This strikes Merlin on any number of levels as a very duck-and-cover style solution. If you are very near a place that is going to be bombed, they are not going to be able to find that tattoo. You would think it is a ”kiss your ass goodbye” scenario, except that the other day John just read a thing that after they exploded the A-bomb on the Bikini-atoll they went back to check it out and to inspect the Scorched Earth situation and numerous rats had survived because they are indomitable spirits that are planning the big takeover. It is one thing to survive Hiroshima because there were buildings and places to hide, but if you are just a rat on a dessert island and you walk out of the explosion of an A-bomb, that is pretty impressive!

Merlin doesn’t fully understand these things. Of all the things you can put on there you will put the blood type? Hodgman still has that mustache. John is pretty good pals with him.

John having been in an abattoir in Morocco (RL8)

If you lived near a lot of tall icicles, stalactites or near an unregulated abattoir, having your blood type tattooed under your arm would be silly, but understandable. Does Merlin think if he lived near an unregulated abattoir that he might accidentally find his way into the spinning knives? It is the same problem as with generic drugs or herbs: It is not well-policed. You buy some Ginseng, but you don’t know what is in there. It could be cat whiskers and shredded newspapers! John has been to a couple of abattoirs in Morocco and he can attest that they were not well-regulated. They killed goats in there by slitting their throats with knives.

Sniffing glue in Romania (RL8)

John built many Revel models and periodically he gets a flash and thinks he has a stroke because the smell of Revel modeling glue will come out of some recess of his mind when his brain is offloading some old memory in order to retain the new memory of what the chord sequence is to Tonight You Belong to Me. They say that smell is the strongest sense, especially of glue. For a while all modeling glue smelled like lemon because they wanted to dissuade kids from sniffing glue, but John doesn’t understand why they would make it smell like lemon. Who amongst you looking for a buzz would want a refreshing smell of citrus? No, that is appalling compared to the delicious smell of modeling glue huffed from a plastic bag.

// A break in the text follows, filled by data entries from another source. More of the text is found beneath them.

Lemma partial_scomp s1 s2 :
  partial_assignment s1 -> partial_assignment s2 -> partial_assignment (scomp s1 s2).
Proof. by move=> H1 H2 x; rewrite scompE //; case: (H2 x) => [->|[b ->]]; eauto. Qed.

Lemma lsub_partial s l : partial_assignment s ->
  lsub s l = if s l.1 is VC b then VC (b == l.2) else VL l.
Proof. by case: l => x [] /(_ x); rewrite /lsub /= => -[->|[[] ->]]. Qed.

Lemma assigned_sat s l : partial_assignment s ->
  assigned s l -> sat s l || sat s (negl l).
Proof.
by move=> Hs; rewrite /sat /assigned !lsub_partial //=; case: (s l.1) => // b _; case: l.2; case: b.
Qed.

Lemma crestr_partial s E : partial_assignment s ->
  crestr s E = if has (sat s) E then None else
    let R := [seq l <- E | ~~ assigned s l] in
    if tautological R then None else Some R.
Proof.
move=> Hs; rewrite /crestr has_map.
have -> : pmap (fun v => if v is VL l then Some l else None) (map (lsub s) E)
        = [seq l <- E | ~~ assigned s l].
  elim: E => //= l E ->; rewrite lsub_partial // /assigned.
  by case: (s l.1).
by case: has.
Qed.

Lemma crestr_not_tautological s E R : crestr s E = Some R -> ~~ tautological R.
Proof. by rewrite /crestr; case: ifP => // _; case: ifP => // /negbT ? [<-]. Qed.

Lemma tautological_unassigned s R : partial_assignment s ->
  ~~ has (sat s) R -> tautological R -> tautological [seq l <- R | ~~ assigned s l].
Proof.
move=> Hs /hasPn nsat /hasP [l lR nlR].
have nal : ~~ assigned s l.
  apply/negP => /(assigned_sat Hs) /orP[] sl.
    by move: (nsat _ lR); rewrite sl.
  by move: (nsat _ nlR); rewrite sl.
by apply/hasP; exists l; rewrite mem_filter nal.
Qed.

Lemma crestr_scomp s1 s2 E : partial_assignment s1 -> partial_assignment s2 ->
  obind (crestr s1) (crestr s2 E) = crestr (scomp s1 s2) E.
Proof.
move=> H1 H2; have H12 := partial_scomp H1 H2.
have assigned_scomp l : assigned (scomp s1 s2) l = assigned s2 l || assigned s1 l.
  by rewrite /assigned scompE //; case: (s2 l.1).
have sat_scomp l : sat (scomp s1 s2) l = sat s2 l || ~~ assigned s2 l && sat s1 l.
  rewrite /sat /assigned !lsub_partial // scompE //.
  by case: (s2 l.1) => [b|l'] /=; rewrite ?orbF.
set R2 := [seq l <- E | ~~ assigned s2 l].
have filter_scomp :
    [seq l <- R2 | ~~ assigned s1 l] = [seq l <- E | ~~ assigned (scomp s1 s2) l].
  by rewrite -filter_predI; apply: eq_filter => l /=; rewrite assigned_scomp negb_or andbC.
have has_sat_scomp : has (sat (scomp s1 s2)) E = has (sat s2) E || has (sat s1) R2.
  rewrite (@eq_has _ _ (predU (sat s2) (predI (sat s1) (fun l => ~~ assigned s2 l)))).
    by rewrite has_predU /R2 !has_count count_filter.
  by move=> l; rewrite /= sat_scomp andbC.
rewrite !crestr_partial // has_sat_scomp -filter_scomp.
case: (has (sat s2) E) => //=.
case t2: (tautological R2) => /=; last by rewrite crestr_partial.
by case: ifP => // /negbT nsat; rewrite (tautological_unassigned H1 nsat t2).
Qed.

Lemma frestr_scomp s1 s2 F : partial_assignment s1 -> partial_assignment s2 ->
  frestr s1 (frestr s2 F) = frestr (scomp s1 s2) F.
Proof.
move=> H1 H2; rewrite /frestr; elim: F => //= E F IH; rewrite -crestr_scomp //.
by case: (crestr s2 E) => [R|] //=; case: (crestr s1 R) => [R'|] /=; rewrite IH.
Qed.

Lemma crestr_eq_in s s' E : {in E, forall l, s l.1 = s' l.1} -> crestr s E = crestr s' E.
Proof.
move=> ss'; rewrite /crestr; have -> // : map (lsub s) E = map (lsub s') E.
by apply/eq_in_map => l /ss'; rewrite /lsub => ->.
Qed.

Lemma frestr_eq s s' F : s =1 s' -> frestr s F = frestr s' F.
Proof. by move=> ss'; apply: eq_pmap => E; apply: crestr_eq_in => l _. Qed.

Lemma mem_frestr s F R : (R \in frestr s F) <-> exists2 E, E \in F & crestr s E = Some R.
Proof.
rewrite /frestr mem_pmap; split; first by case/mapP => E EF e; exists E.
by case=> E EF e; apply/mapP; exists E; rewrite ?e.
Qed.

Lemma frestr_subset s F F' : {subset F <= F'} -> {subset frestr s F <= frestr s F'}.
Proof. by move=> sub R /mem_frestr [E /sub EF' e]; apply/mem_frestr; exists E. Qed.

Lemma tautological_subset C C' : {subset C' <= C} -> tautological C' -> tautological C.
Proof. by move=> sub /hasP [l /sub lC /sub nlC]; apply/hasP; exists l. Qed.

Lemma pmap_map (aT bT rT : Type) (f : bT -> option rT) (h : aT -> bT) s :
  pmap f (map h s) = pmap (f \o h) s.
Proof. by elim: s => //= x s ->. Qed.

Lemma crestr_subset s E E' R : {subset E' <= E} -> crestr s E = Some R ->
  exists2 R', crestr s E' = Some R' & {subset R' <= R}.
Proof.
rewrite /crestr !has_map !pmap_map => sub.
set f := (_ \o lsub s).
have sub_lits : {subset pmap f E' <= pmap f E}.
  by move=> l; rewrite !mem_pmap => /mapP [l0 /sub l0E ->]; apply: map_f.
case: ifP => // /hasPn sat0; case: ifP => // /negbT ntaut [<-].
rewrite ifN; last by apply/hasPn => l /sub; apply: sat0.
rewrite ifN; first by exists (pmap f E').
by apply: contra ntaut => /(tautological_subset sub_lits).
Qed.

Lemma negl_eqF l : (negl l == l) = false.
Proof. by case: l => x []; rewrite /negl /= xpair_eqE eqxx. Qed.

Lemma negC_notin C x : x \notin varsC C -> negC C x = VL (x, true).
Proof. by move=> nx; rewrite /negC !ifN //; apply: contra nx => /(map_f fst). Qed.

Lemma negC_mem C l : ~~ tautological C -> l \in C -> negC C l.1 = VC (~~ l.2).
Proof.
case: l => x [] ntaut lC; rewrite /negC /= ?lC // ifN //.
by apply: contra ntaut => xC; apply/hasP; exists (x, true).
Qed.

Lemma scomp_negC C C' : ~~ tautological C -> {subset C' <= C} ->
  scomp (negC C) (negC C') =1 negC C.
Proof.
move=> ntaut sub x; rewrite scompE // {1}/negC.
case: ifP => [/sub/(negC_mem ntaut) -> //|_].
by case: ifP => [/sub/(negC_mem ntaut) -> //|_].
Qed.

Lemma crestr_negC_self C : ~~ tautological C -> crestr (negC C) C = Some [::].
Proof.
move=> ntaut; rewrite crestr_partial // ifN; last first.
  by apply/hasPn => l lC; rewrite /sat lsub_partial // negC_mem //; case: l.2.
by rewrite (@eq_in_filter _ _ pred0) ?filter_pred0 // => l lC; rewrite /assigned negC_mem.
Qed.

Lemma crestr_unit s l D : partial_assignment s -> D != [::] -> all (pred1 l) D ->
  crestr s D = if s l.1 is VC b then (if b == l.2 then None else Some [::]) else Some D.
Proof.
move=> Hs; case: D => // y D _ /all_pred1P ->; rewrite crestr_partial // has_nseq filter_nseq.
rewrite /sat /assigned lsub_partial //.
case: (Hs l.1) => [->|[b ->]]; last by case: (b == l.2).
by rewrite andbF mul1n /tautological has_nseq mem_nseq negl_eqF !andbF.
Qed.

Lemma UPref_subset F F' : {subset F <= F'} -> UPref F -> UPref F'.
Proof.
move=> sub H; elim: H F' sub => {F} [F Fe|F l [D DF Dl] _ IH] F' sub.
  by apply: UP_empty; apply: sub.
apply: (UP_unit (l := l)); first by exists D => //; apply: sub.
by apply: IH; apply: frestr_subset.
Qed.

(* A propagated unit [l] is either left open by [s], and is propagated again,
   or fixed by [s]: if [l] becomes true the step is vacuous, if it becomes
   false its clause is already empty. *)
Lemma UPref_restr s F : partial_assignment s -> UPref F -> UPref (frestr s F).
Proof.
move=> Hs H; elim: H s Hs => {F} [F Fe|F l [D DF /andP [nD Dl]] _ IH] s Hs.
  by apply: UP_empty; apply/mem_frestr; exists [::].
set u := negC [:: negl l].
have Hu : partial_assignment u := partial_negC _.
have u_l : u l.1 = VC l.2.
  have ntaut : ~~ tautological [:: negl l] by rewrite /tautological /= inE negl_eqF.
  by have := negC_mem ntaut (mem_head _ _); rewrite /= negbK.
have u_other x : x != l.1 -> u x = VL (x, true).
  by move=> ne; apply: negC_notin; rewrite /varsC inE.
move: (IH s Hs); rewrite frestr_scomp // => {}IH.
have crD := crestr_unit Hs nD Dl.
case: (Hs l.1) => [sl|[b sl]]; rewrite sl in crD.
  apply: (UP_unit (l := l)).
    by exists D; [apply/mem_frestr; exists D | apply/andP].
  rewrite -/u frestr_scomp // (frestr_eq _ (s' := scomp s u)) // => x.
  rewrite !scompE //; case: (eqVneq x l.1) => [->|ne]; first by rewrite sl u_l.
  by rewrite u_other //; case: (Hs x) => [->|[c ->]].
case: eqP crD => [bl _|_ crD]; last by apply: UP_empty; apply/mem_frestr; exists D.
rewrite (frestr_eq _ (s' := s)) // in IH => x.
rewrite -/u scompE //; case: (eqVneq x l.1) => [->|ne]; first by rewrite u_l sl bl.
by rewrite u_other.
Qed.

Lemma entails1_subset F F' C : {subset F <= F'} -> entails1 F C -> entails1 F' C.
Proof. by move=> sub; apply: UPref_subset; apply: frestr_subset. Qed.

Lemma entails1_mem F C : C \in F -> ~~ tautological C -> entails1 F C.
Proof.
by move=> CF ntaut; apply: UP_empty; apply/mem_frestr; exists C; rewrite ?crestr_negC_self.
Qed.

Lemma entails1_weaken F C C' : ~~ tautological C -> {subset C' <= C} ->
  entails1 F C' -> entails1 F C.
Proof.
move=> ntaut sub /(UPref_restr (partial_negC C)); rewrite frestr_scomp //.
by rewrite (frestr_eq _ (scomp_negC ntaut sub)).
Qed.

Lemma occurs_subset x F F' : {subset F <= F'} -> occurs x F -> occurs x F'.
Proof. by move=> sub /hasP [C /sub CF' xC]; apply/hasP; exists C. Qed.

Section CostSRExtension.

Variables (blk : seq var) (F F' : formula) (D : clause) (s : subst).
Hypothesis subFF' : {subset F <= F'}.

Lemma costSR_extend :
  (forall E R, E \in F' -> E \notin F -> crestr s E = Some R ->
     entails1 (frestr (negC D) F') R) ->
  costSR blk F D s -> costSR blk F' D s.
Proof.
move=> new [old cost_s]; split=> // R /mem_frestr [E EDF' e].
have [EDF|nEDF] := boolP (E \in D :: F).
  apply: entails1_subset (frestr_subset subFF') _.
  by apply: old; apply/mem_frestr; exists E.
have [EF' nEF] : E \in F' /\ E \notin F.
  by move: EDF' nEDF; rewrite !inE negb_or => /orP [/eqP ->|->]; rewrite ?eqxx // => /andP [].
exact: new e.
Qed.

Lemma costSR_extend_fresh :
  (forall x, ~~ occurs x (D :: F) -> s x = VL (x, true)) ->
  (forall E x, E \in F' -> E \notin F -> x \in varsC E -> ~~ occurs x (D :: F)) ->
  costSR blk F D s -> costSR blk F' D s.
Proof.
move=> s_id fresh; apply: costSR_extend => E R EF' nEF e.
apply: entails1_mem; last exact: crestr_not_tautological e.
apply/mem_frestr; exists E => //; rewrite -e; apply: crestr_eq_in => l lE.
have nx := fresh E l.1 EF' nEF (map_f fst lE).
rewrite s_id // negC_notin //.
by move: nx; rewrite /occurs /= negb_or => /andP [].
Qed.

Lemma costSR_extend_subsumed :
  (forall E, E \in F' -> E \notin F -> exists2 C, C \in F & {subset C <= E}) ->
  costSR blk F D s -> costSR blk F' D s.
Proof.
move=> subsumed Hsr; apply: costSR_extend (Hsr) => E R EF' nEF e.
have [C CF CE] := subsumed E EF' nEF.
have [RC eC RCR] := crestr_subset CE e.
apply: entails1_weaken (crestr_not_tautological e) RCR _.
apply: entails1_subset (frestr_subset subFF') _.
by apply: Hsr.1; apply/mem_frestr; exists C; rewrite // inE CF orbT.
Qed.

End CostSRExtension.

John never huffed modeling glue. When he was in Romania, glue huffing and adhesive huffing was an epidemic and there were really young little kids, Urchins with zombie looks, out in front of the train station, sleeping in little hollowed out depressions in the dirt and passing around bags of 3M spray adhesive. Merlin wonders where you would get sniffable adhesives in Romania, but Romanians need to adhere stuff just like anybody else and Urchins are not above stealing, for one. In a Dickensian sense, in a phagan sense, it is right in the name, not to be antisemitic, but the whole nature of being an urchin is that you are not going to go out and get some extremely high-grade drugs and you won’t have a car with a window to roll down.

You are probably not going to go into the store and comparison-shop. You buy the cheapest thing with the money you stole from the little old lady and you get a lot of bang for your buck with a can of spray-adhesive. At least the last time John was there, your typical Romanian shop-keeper was not going to keep spray-adhesives behind the counter to keep them out of the hands of kids. It is the cough syrup problem. Setting aside the fact that almost everything in Walgreens is now behind the counter, even some some Nutrine Shampoo. There is a little yellow piece of cardboard saying ”For your convenience, please go somewhere else to buy this razor blades, good luck!” There is a reason Merlin doesn’t shave, but he is really tired of going to the counter asking them for blades.

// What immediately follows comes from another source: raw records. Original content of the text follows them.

(* The iteration of the algorithm: sequences x, alpha, tau (tau k = tau_k,
   tau_{-1} = tau_m1), v, u, s, generated by steps 1-4, without termination. *)
Definition algorithm_run (m n : nat) (f : 'cV[R]_n -> R) (g : 'cV[R]_n -> 'cV[R]_n)
  (c : 'cV[R]_n -> 'cV[R]_m) (J : 'cV[R]_n -> 'M[R]_(m, n)) (r : 'cV[R]_n -> R)
  (kappa_v sigma_c eps_tau xi eta sigma_u tau_m1 : R)
  (x : nat -> 'cV[R]_n) (alpha tau : nat -> R) (v u s : nat -> 'cV[R]_n) : Prop :=
  let sigma_ubar := sigma_u + 2^-1 in
  let Phi (t : R) (y : 'cV[R]_n) := t * (f y + r y) + enorm (c y) in
  forall k : nat,
  let xk := x k in let ak := alpha k in
  let gk := g xk in let ck := c xk in let Jk := J xk in let rk := r xk in
  let tau_prev := if k is k'.+1 then tau k' else tau_m1 in
  let dq (sd : 'cV[R]_n) (t : R) :=
    - t * (dotp gk sd + (2 * ak)^-1 * enorm sd ^+ 2 + r (xk + sd) - rk)
    + enorm ck - enorm (ck + Jk *m sd) in
  (
   (Jk^T *m ck != 0 ->
      [/\ exists w : 'cV[R]_m, v k = Jk^T *m w,
          enorm (v k) <= kappa_v * ak * enorm (Jk^T *m ck)
        & exists beta : R,
            [/\ 0 <= beta <= kappa_v * ak,
                (forall b : R, 0 <= b <= kappa_v * ak ->
                   2^-1 * enorm (ck - beta *: (Jk *m Jk^T *m ck)) ^+ 2
                   <= 2^-1 * enorm (ck - b *: (Jk *m Jk^T *m ck)) ^+ 2)
              & enorm (ck + Jk *m v k)
                <= enorm (ck + Jk *m (- beta *: (Jk^T *m ck)))]]) /\
   (Jk^T *m ck = 0 -> v k = 0 /\ ck = 0) /\  (* no termination in step 1 *)
   [/\ Jk *m u k = 0,
       (forall u' : 'cV[R]_n, Jk *m u' = 0 ->
          dotp gk (u k) + (2 * ak)^-1 * enorm (u k) ^+ 2 + r (xk + v k + u k)
          <= dotp gk u' + (2 * ak)^-1 * enorm u' ^+ 2 + r (xk + v k + u'))
     & s k = v k + u k] /\
   s k != 0 /\  (* no termination in step 2 *)
   (let Dk := dotp gk (s k) + sigma_ubar * enorm (s k) ^+ 2 / ak + r (xk + s k) - rk in
    if Dk <= 0 then tau k = tau_prev
    else let trial := (1 - sigma_c) * (enorm ck - enorm (ck + Jk *m v k)) / Dk in
         tau k = (if tau_prev <= trial then tau_prev
                  else Num.min ((1 - eps_tau) * tau_prev) trial)) /\
   (if Phi (tau k) (xk + s k) <= Phi (tau k) xk - eta * dq (s k) (tau k)
    then x k.+1 = xk + s k /\ alpha k.+1 = ak
    else x k.+1 = xk /\ alpha k.+1 = xi * ak)).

Merlin does not come from urchin people, but he can understand the huffing if you otherwise would have to go to a sports supplements site and drop $59.95 for a 48-count that is cut with Guaifenesin, that cough medicine bullshit that nobody needs. They don’t want you doing this huffing and that is why they add stuff, like in the science where they add sulfur smell to the gas so the bunsen burners stink and you can tell if they are leaking. They put some nasty chemicals in rubbing alcohol because you could get shit-faced on rubbing alcohol if it wasn’t for that stuff they put in so you can’t drink it. John knows some guys who have been drinking Sterno or hairspray.

Merlin feels bad for the urchins because they are not going to be able to walk up to a strip mall and buy some whip-its. You are burning through whip-its super-fast, but then you are going to want more, and that is costly. John can’t speak for the urchins exactly, but if you are living in a hollowed-out depression in the ground in front of a Romanian train station, the 35 seconds of euphoria that a whip-it provides is probably not quite enough consciousness-alteration to smooth over the bumps in your life, whereas if you are huffing glue all day, you are killing brain cells by the hundreds of thousands and that is much more comforting to them.

In that situation you want a high that you can count on, but a whip-it is a high for if you are at a party in a suburban house and there is a girl at the party that you have a crush on and she is talking to your friend, not even flirting with him, and that is causing you psychic pain because you are a teenage kid and the fact she is talking to him means that they are in love and that she is never going to see you across the room. In that case a whip-it is the precise dose of drug that you need to make it through that experience, but if you are living in a depression in the ground, you need a stronger dosage of altered states.

$50 lunch-time hand-job places (RL8)

Merlin just found out that the place across the street is a hand-job place. He had that feeling for a while, but he just got confirmation from the merchants association guy. Hand-jobs are one of those things like weed: You might as well regulate it and tax it and everybody wins. In a lot of nail places, or any place where they do things to you like a spa type situation, there are a lot of diseases you can catch, those places are caustic! John can’t breathe in a nail salon. A nail salon is an inexpensive business to start and a lot of people who came here after the Vietnam war opened one. There is a whole thing on NPR about this. John thinks they use the solution to electroplate truck-bumpers and it is very caustic. It is a very toxic process to chrome a bumper and that is not a euphemism.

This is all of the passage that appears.